Liang Li Dec. 23, 2020, 12:11 p.m. UTC | #10

On Wed, Dec 23, 2020 at 4:41 PM David Hildenbrand <david@redhat.com> wrote:
>
> [...]
>
> >> I was rather saying that for security it's of little use IMHO.
> >> Application/VM start up time might be improved by using huge pages (and
> >> pre-zeroing these). Free page reporting might be improved by using
> >> MADV_FREE instead of MADV_DONTNEED in the hypervisor.
> >>
> >>> this feature, above all of them, which one is likely to become the
> >>> most strong one?  From the implementation, you will find it is
> >>> configurable, users don't want to use it can turn it off.  This is not
> >>> an option?
> >>
> >> Well, we have to maintain the feature and sacrifice a page flag. For
> >> example, do we expect someone explicitly enabling the feature just to
> >> speed up startup time of an app that consumes a lot of memory?

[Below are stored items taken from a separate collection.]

(* Let $PS = D \cup LP \cup MP \cup IC$ be a minimal P2P system such that no negation occurs in $LP$. Then the relation $\sqsupseteq_{Min}$ is a partial order on the set of weak models of $PS$.
   Context: Peer atoms: a peer identifier is a positive integer; a peer atom is $i\!:\!p(t_1,\dots,t_k)$ with $i$ a peer identifier, $p$ a predicate and $t_j$ terms; $i\!:\!p$ is a peer predicate. A literal is an atom $A$ or its negation-as-failure $not\ A$. Built-in atoms are $X\,\theta\,Y$ with $\theta\in\{<,>,\le,\ge,=,\neq\}$. Rules (all safe): a standard rule $H\leftarrow \mathcal B$; an integrity constraint $\leftarrow \mathcal B$; a maximal mapping rule $i\!:\!h(X) \leftharpoonup j\!:\!(p_1(X_1),\dots,p_m(X_m),\varphi)$ with $i\neq j$; a minimal mapping rule, identical but with $\leftharpoondown$. A peer $P_i=\langle D_i,LP_i,MP_i,IC_i\rangle$ consists of a finite set $D_i$ of ground atoms with identifier $i$, a finite set $LP_i$ of standard rules all of whose atoms have identifier $i$, a finite set $MP_i$ of mapping rules with head identifier $i$, and a finite set $IC_i$ of integrity constraints over atoms with identifier $i$. A P2P system is a set $PS=\{P_1,\dots,P_n\}$ of peers in which every source identifier of a mapping rule lies in $[1..n]$; $D,LP,MP,IC$ are the unions of the components, and $PS$ is identified with $D\cup LP\cup MP\cup IC$. A minimal P2P system is one all of whose mapping rules are minimal. A predicate is derived if it heads a standard rule, a mapping predicate if it heads a mapping rule, base otherwise; each predicate has exactly one type and each mapping predicate heads exactly one mapping rule. Semantics: interpretation = set of ground peer atoms; $A$ true iff $A\in M$, $not\ A$ true iff $A\notin M$; a standard rule is satisfied iff its body is false or its head true; a constraint iff its body is false. $MM(\Pi)$ = inclusion-minimal models. $St(r)$ turns a mapping rule with head $H$, body $\mathcal B$ into $H\leftarrow\mathcal B$. $M$ is a weak model of $PS$ if $\{M\}=MM(St(PS^M))$, where $PS^M$ is obtained from $ground(PS)$ by removing every rule whose body contains $not\ A$ with $A\in M$, deleting negative literals from the remaining rules, and removing every ground mapping rule whose head is not in $M$. $M[MP]$ = atoms of $M$ with a mapping predicate. For weak models $M,N$: $M\sqsupseteq_{Min}N$ iff $M[MP]\subseteq N[MP]$. *)

From Stdlib Require Import List Arith.
Import ListNotations.

Definition peer_id := nat.     (* peer identifiers; peers are numbered 1..n *)
Definition pred_name := nat.
Definition const := nat.
Definition var := nat.

Inductive term := TVar (x : var) | TConst (c : const).

Record atom := mkAtom { a_peer : peer_id; a_pred : pred_name; a_args : list term }.
Record gatom := mkGAtom { g_peer : peer_id; g_pred : pred_name; g_args : list const }.

Inductive cmp := CLt | CGt | CLe | CGe | CEq | CNeq.
Record builtin := mkBuiltin { b_op : cmp; b_lhs : term; b_rhs : term }.

Inductive literal := LPos (A : atom) | LNeg (A : atom) | LBuiltin (b : builtin).

Record std_rule := mkStd { sr_head : atom; sr_body : list literal }.
Record constraint := mkIC { ic_body : list literal }.

Inductive map_kind := MaxMap | MinMap.
(* mapping rule  i:h(X) <-(max/min) j:(p_1(X_1),...,p_m(X_m), phi) ;
   mr_src = j, mr_body = [(p_1,X_1);...;(p_m,X_m)], mr_cond = phi *)
Record map_rule := mkMap {
  mr_kind : map_kind; mr_head : atom; mr_src : peer_id;
  mr_body : list (pred_name * list term); mr_cond : list builtin }.

Record peer := mkPeer {
  p_D : list gatom; p_LP : list std_rule; p_MP : list map_rule; p_IC : list constraint }.

(* a P2P system {P_1,...,P_n}: the peer with identifier i is the i-th element *)
Definition p2p := list peer.

Definition peer_at (PS : p2p) (i : peer_id) (P : peer) : Prop :=
  1 <= i /\ nth_error PS (i - 1) = Some P.

Definition map_body_atoms (r : map_rule) : list atom :=
  map (fun pt => mkAtom (mr_src r) (fst pt) (snd pt)) (mr_body r).

Definition term_vars (t : term) : list var :=
  match t with TVar x => [x] | TConst _ => [] end.
Definition atom_vars (A : atom) : list var := flat_map term_vars (a_args A).
Definition builtin_vars (b : builtin) : list var :=
  term_vars (b_lhs b) ++ term_vars (b_rhs b).
Definition lit_vars (l : literal) : list var :=
  match l with LPos A | LNeg A => atom_vars A | LBuiltin b => builtin_vars b end.
Definition pos_lit_vars (l : literal) : list var :=
  match l with LPos A => atom_vars A | _ => [] end.

Definition safe_std (r : std_rule) : Prop :=
  forall x, In x (atom_vars (sr_head r) ++ flat_map lit_vars (sr_body r)) ->
            In x (flat_map pos_lit_vars (sr_body r)).
Definition safe_ic (c : constraint) : Prop :=
  forall x, In x (flat_map lit_vars (ic_body c)) ->
            In x (flat_map pos_lit_vars (ic_body c)).
Definition safe_map (r : map_rule) : Prop :=
  forall x, In x (atom_vars (mr_head r) ++ flat_map builtin_vars (mr_cond r)) ->
            In x (flat_map atom_vars (map_body_atoms r)).

Definition lit_has_id (i : peer_id) (l : literal) : Prop :=
  match l with LPos A | LNeg A => a_peer A = i | LBuiltin _ => True end.

Definition is_derived_pred (PS : p2p) (i : peer_id) (p : pred_name) : Prop :=
  exists k P r, peer_at PS k P /\ In r (p_LP P) /\
                a_peer (sr_head r) = i /\ a_pred (sr_head r) = p.
Definition is_mapping_pred (PS : p2p) (i : peer_id) (p : pred_name) : Prop :=
  exists k P r, peer_at PS k P /\ In r (p_MP P) /\
                a_peer (mr_head r) = i /\ a_pred (mr_head r) = p.

Definition p2p_system (PS : p2p) : Prop :=
  (forall i P, peer_at PS i P ->
     (forall g, In g (p_D P) -> g_peer g = i) /\
     (forall r, In r (p_LP P) ->
        a_peer (sr_head r) = i /\ Forall (lit_has_id i) (sr_body r) /\ safe_std r) /\
     (forall r, In r (p_MP P) ->
        a_peer (mr_head r) = i /\ mr_src r <> i /\
        1 <= mr_src r <= length PS /\ safe_map r) /\
     (forall c, In c (p_IC P) ->
        Forall (lit_has_id i) (ic_body c) /\ safe_ic c)) /\
  (forall i p, ~ (is_derived_pred PS i p /\ is_mapping_pred PS i p)) /\
  (forall k P r k' P' r', peer_at PS k P -> In r (p_MP P) ->
     peer_at PS k' P' -> In r' (p_MP P') ->
     a_peer (mr_head r) = a_peer (mr_head r') ->
     a_pred (mr_head r) = a_pred (mr_head r') -> r = r').

Definition minimal_p2p_system (PS : p2p) : Prop :=
  p2p_system PS /\
  forall k P r, peer_at PS k P -> In r (p_MP P) -> mr_kind r = MinMap.

Definition LP_negation_free (PS : p2p) : Prop :=
  forall k P r, peer_at PS k P -> In r (p_LP P) ->
    forall A, ~ In (LNeg A) (sr_body r).

Definition interp := gatom -> Prop.
Definition subst := var -> const.

Definition inst_term (s : subst) (t : term) : const :=
  match t with TVar x => s x | TConst c => c end.
Definition inst_atom (s : subst) (A : atom) : gatom :=
  mkGAtom (a_peer A) (a_pred A) (map (inst_term s) (a_args A)).
Definition inst_builtin (s : subst) (b : builtin) : cmp * const * const :=
  (b_op b, inst_term s (b_lhs b), inst_term s (b_rhs b)).

Definition eval_cmp (op : cmp) (m n : const) : Prop :=
  match op with
  | CLt => m < n | CGt => m > n | CLe => m <= n | CGe => m >= n
  | CEq => m = n | CNeq => m <> n end.

Inductive origin := FromStd | FromMap.

(* ground rule: head (None for a constraint), positive body, negative body,
   ground built-in atoms; origin records whether it is a mapping rule *)
Record ground_rule := mkGR {
  gr_origin : origin; gr_head : option gatom;
  gr_pos : list gatom; gr_neg : list gatom; gr_bi : list (cmp * const * const) }.

Definition inst_pos (s : subst) (B : list literal) : list gatom :=
  flat_map (fun l => match l with LPos A => [inst_atom s A] | _ => [] end) B.
Definition inst_neg (s : subst) (B : list literal) : list gatom :=
  flat_map (fun l => match l with LNeg A => [inst_atom s A] | _ => [] end) B.
Definition inst_bi (s : subst) (B : list literal) : list (cmp * const * const) :=
  flat_map (fun l => match l with LBuiltin b => [inst_builtin s b] | _ => [] end) B.

Definition inst_std (s : subst) (r : std_rule) : ground_rule :=
  mkGR FromStd (Some (inst_atom s (sr_head r)))
       (inst_pos s (sr_body r)) (inst_neg s (sr_body r)) (inst_bi s (sr_body r)).
Definition inst_ic (s : subst) (c : constraint) : ground_rule :=
  mkGR FromStd None
       (inst_pos s (ic_body c)) (inst_neg s (ic_body c)) (inst_bi s (ic_body c)).
Definition inst_map (s : subst) (r : map_rule) : ground_rule :=
  mkGR FromMap (Some (inst_atom s (mr_head r)))
       (map (inst_atom s) (map_body_atoms r)) [] (map (inst_builtin s) (mr_cond r)).

(* ground(PS), with PS identified with D u LP u MP u IC (facts = bodiless rules) *)
Definition ground (PS : p2p) (g : ground_rule) : Prop :=
  exists k P, peer_at PS k P /\
   ((exists a, In a (p_D P) /\ g = mkGR FromStd (Some a) [] [] []) \/
    (exists r s, In r (p_LP P) /\ g = inst_std s r) \/
    (exists r s, In r (p_MP P) /\ g = inst_map s r) \/
    (exists c s, In c (p_IC P) /\ g = inst_ic s c)).

(* St(PS^M): reduct of ground(PS) w.r.t. M, with mapping rules made standard *)
Definition reduct_St (PS : p2p) (M : interp) (g' : ground_rule) : Prop :=
  exists g, ground PS g /\
    (forall A, In A (gr_neg g) -> ~ M A) /\
    (gr_origin g = FromMap -> exists h, gr_head g = Some h /\ M h) /\
    g' = mkGR FromStd (gr_head g) (gr_pos g) [] (gr_bi g).

Definition body_true (M : interp) (g : ground_rule) : Prop :=
  (forall a, In a (gr_pos g) -> M a) /\
  (forall a, In a (gr_neg g) -> ~ M a) /\
  (forall b, In b (gr_bi g) -> let '(op, m, n) := b in eval_cmp op m n).

Definition satisfies (M : interp) (g : ground_rule) : Prop :=
  body_true M g -> match gr_head g with Some h => M h | None => False end.

Definition is_model (Pi : ground_rule -> Prop) (M : interp) : Prop :=
  forall g, Pi g -> satisfies M g.

Definition minimal_model (Pi : ground_rule -> Prop) (M : interp) : Prop :=
  is_model Pi M /\
  forall N, is_model Pi N -> (forall a, N a -> M a) -> forall a, M a -> N a.

(* M is a weak model iff {M} = MM(St(PS^M)) (sets compared extensionally) *)
Definition weak_model (PS : p2p) (M : interp) : Prop :=
  minimal_model (reduct_St PS M) M /\
  forall N, minimal_model (reduct_St PS M) N -> forall a, N a <-> M a.

(* M sqsupseteq_Min N  iff  M[MP] subset N[MP] *)
Definition min_pref (PS : p2p) (M N : interp) : Prop :=
  forall a, M a -> is_mapping_pred PS (g_peer a) (g_pred a) ->
            N a /\ is_mapping_pred PS (g_peer a) (g_pred a).

Definition partial_order_on {T : Type} (S : T -> Prop) (R : T -> T -> Prop) : Prop :=
  (forall x, S x -> R x x) /\
  (forall x y z, S x -> S y -> S z -> R x y -> R y z -> R x z) /\
  (forall x y, S x -> S y -> R x y -> R y x -> x = y).

(* Reflexivity and transitivity of [min_pref] are immediate; the content is
   antisymmetry. Let M and N be weak models with M[MP] included in N. Without
   negation in LP, every headed rule of St(PS^M) is also a rule of St(PS^N):
   only mapping rules are filtered by the reduct, and their heads are mapping
   atoms of M, hence atoms of N. So M and N both satisfy St(PS^M), and since
   the reduct has no negative literals so does their intersection; minimality
   of M forces M to be included in N. *)
From Stdlib Require Import List FunctionalExtensionality PropExtensionality.
Import ListNotations.

Lemma inst_neg_nil s B : (forall A, ~ In (LNeg A) B) -> inst_neg s B = [].
Proof.
  induction B as [|[A|A|b] B IH]; intros Hneg; simpl; try reflexivity.
  - apply IH. intros A' HA'. apply (Hneg A'). now right.
  - exfalso. apply (Hneg A). now left.
  - apply IH. intros A' HA'. apply (Hneg A'). now right.
Qed.

(* Constraints may carry negation; only headed ground rules lose it. *)
Lemma ground_headed_neg_nil PS g :
  LP_negation_free PS -> ground PS g -> gr_head g <> None -> gr_neg g = [].
Proof.
  intros Hfree [k [P [HP Hg]]] Hhead.
  destruct Hg as [[a [_ ->]] | [[r [s [Hr ->]]] | [[r [s [Hr ->]]] | [c [s [Hc ->]]]]]];
    simpl in *; try reflexivity.
  - exact (inst_neg_nil s _ (Hfree k P r HP Hr)).
  - congruence.
Qed.

Lemma ground_map_head_mapping_pred PS g :
  ground PS g -> gr_origin g = FromMap ->
  exists h, gr_head g = Some h /\ is_mapping_pred PS (g_peer h) (g_pred h).
Proof.
  intros [k [P [HP Hg]]] Horig.
  destruct Hg as [[a [_ ->]] | [[r [s [Hr ->]]] | [[r [s [Hr ->]]] | [c [s [Hc ->]]]]]];
    simpl in *; try discriminate.
  eexists; split; [reflexivity|]. now exists k, P, r.
Qed.

Lemma reduct_St_neg_nil PS M g : reduct_St PS M g -> gr_neg g = [].
Proof. now intros [g0 [_ [_ [_ ->]]]]. Qed.

Lemma body_true_mono (M N : interp) g :
  gr_neg g = [] -> (forall a, M a -> N a) -> body_true M g -> body_true N g.
Proof.
  intros Hneg HMN [Hpos [_ Hbi]]. unfold body_true. rewrite Hneg.
  split; [|split]; [intros a Ha; exact (HMN a (Hpos a Ha)) | intros a [] | exact Hbi].
Qed.

Lemma reduct_St_min_pref PS M N g :
  LP_negation_free PS -> min_pref PS M N ->
  reduct_St PS M g -> gr_head g <> None -> reduct_St PS N g.
Proof.
  intros Hfree Hpref [g0 [Hg0 [_ [Horig ->]]]] Hhead. simpl in Hhead.
  exists g0. split; [exact Hg0|]. split; [|split; [|reflexivity]].
  - rewrite (ground_headed_neg_nil PS g0 Hfree Hg0 Hhead). intros A [].
  - intros Hmap.
    destruct (ground_map_head_mapping_pred PS g0 Hg0 Hmap) as [h [Eh Hmp]].
    destruct (Horig Hmap) as [h' [Eh' Mh]].
    rewrite Eh in Eh'. injection Eh' as <-.
    exists h. split; [exact Eh|]. exact (proj1 (Hpref h Mh Hmp)).
Qed.

Lemma weak_model_min_pref_incl PS M N :
  LP_negation_free PS -> weak_model PS M -> weak_model PS N ->
  min_pref PS M N -> forall a, M a -> N a.
Proof.
  intros Hfree [[HmodM HminM] _] [[HmodN _] _] Hpref.
  set (K := fun a => M a /\ N a).
  assert (HmodK : is_model (reduct_St PS M) K).
  { intros g Hg Hbody.
    assert (Hneg := reduct_St_neg_nil PS M g Hg).
    assert (HM := HmodM g Hg (body_true_mono K M g Hneg (fun a Ka => proj1 Ka) Hbody)).
    destruct (gr_head g) as [h|] eqn:Eh; [|exact HM].
    assert (HgN : reduct_St PS N g)
      by (apply (reduct_St_min_pref PS M N g Hfree Hpref Hg); congruence).
    assert (HN := HmodN g HgN (body_true_mono K N g Hneg (fun a Ka => proj2 Ka) Hbody)).
    rewrite Eh in HN. now split. }
  intros a Ma. exact (proj2 (HminM K HmodK (fun b Kb => proj1 Kb) a Ma)).
Qed.

Lemma min_pref_refl PS M : min_pref PS M M.
Proof. intros a Ma Hmp. now split. Qed.

Lemma min_pref_trans PS M N L :
  min_pref PS M N -> min_pref PS N L -> min_pref PS M L.
Proof.
  intros HMN HNL a Ma Hmp. exact (HNL a (proj1 (HMN a Ma Hmp)) Hmp).
Qed.

Lemma interp_ext (M N : interp) : (forall a, M a <-> N a) -> M = N.
Proof.
  intros HMN. apply functional_extensionality. intros a.
  now apply propositional_extensionality.
Qed.

Theorem proposition3 (PS : p2p) :
  minimal_p2p_system PS -> LP_negation_free PS ->
  partial_order_on (weak_model PS) (min_pref PS).
Proof.
  intros _ Hfree. split; [|split].
  - intros M _. apply min_pref_refl.
  - intros M N L _ _ _. apply min_pref_trans.
  - intros M N HM HN HMN HNM. apply interp_ext. intros a. split.
    + exact (weak_model_min_pref_incl PS M N Hfree HM HN HMN a).
    + exact (weak_model_min_pref_incl PS N M Hfree HN HM HNM a).
Qed.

I highly
> >> doubt it.
> >
> > In our production environment, there are three main applications have such
> > requirement, one is QEMU [creating a VM with SR-IOV passthrough device],
> > anther other two are DPDK related applications, DPDK OVS and SPDK vhost,
> > for best performance, they populate memory when starting up. For SPDK vhost,
> > we make use of the VHOST_USER_GET/SET_INFLIGHT_FD feature for
> > vhost 'live' upgrade, which is done by killing the old process and
> > starting a new
> > one with the new binary. In this case, we want the new process started as quick
> > as possible to shorten the service downtime. We really enable this feature
> > to speed up startup time for them  :)
>
> Thanks for info on the use case!
>
> All of these use cases either already use, or could use, huge pages
> IMHO. It's not your ordinary proprietary gaming app :) This is where
> pre-zeroing of huge pages could already help.

You are welcome.  For some historical reason, some of our services are
not using hugetlbfs, that is why I didn't start with hugetlbfs.

> Just wondering, wouldn't it be possible to use tmpfs/hugetlbfs ...
> creating a file and pre-zeroing it from another process, or am I missing
> something important? At least for QEMU this should work AFAIK, where you
> can just pass the file to be use using memory-backend-file.
>
If using another process to create a file, we can offload the overhead to
another process, and there is no need to pre-zeroing it's content, just
populating the memory is enough.
If we do it that way, then how to determine the size of the file? it depends
on the RAM size of the VM the customer buys. Maybe we can create a file
large enough in advance and truncate it to the right size just before the
VM is created. Then, how many large files should be created on a host?
You will find there are a lot of things that have to be handled properly.
I think it's possible to make it work well, but we will transfer the
management complexity to up layer components. It's a bad practice to let
upper layer components process such low level details which should be
handled in the OS layer.

> >
> >> I'd love to hear opinions of other people. (a lot of people are offline
> >> until beginning of January, including, well, actually me :) )
> >
> > OK. I will wait some time for others' feedback. Happy holidays!
>
> To you too, cheers!
>

I have to work at least two months before the vacation. :(

Liang

Michal Hocko Jan. 4, 2021, 12:51 p.m. UTC | #11

On Tue 22-12-20 22:42:13, Liang Li wrote:
> > > =====================================================
> > > QEMU use 4K pages, THP is off
> > >                   round1      round2      round3
> > > w/o this patch:    23.5s       24.7s       24.6s
> > > w/ this patch:     10.2s       10.3s       11.2s
> > >
> > > QEMU use 4K pages, THP is on
> > >                   round1      round2      round3
> > > w/o this patch:    17.9s       14.8s       14.9s
> > > w/ this patch:     1.9s        1.8s        1.9s
> > > =====================================================
> >
> > The cost of zeroing pages has to be paid somewhere.  You've successfully
> > moved it out of this path that you can measure.  So now you've put it
> > somewhere that you're not measuring.  Why is this a win?
> 
> Win or not depends on its effect. For our case, it solves the issue
> that we faced, so it can be thought as a win for us.  If others don't
> have the issue we faced, the result will be different, maybe they will
> be affected by the side effect of this feature. I think this is your
> concern behind the question. right? I will try to do more tests and
> provide more benchmark performance data.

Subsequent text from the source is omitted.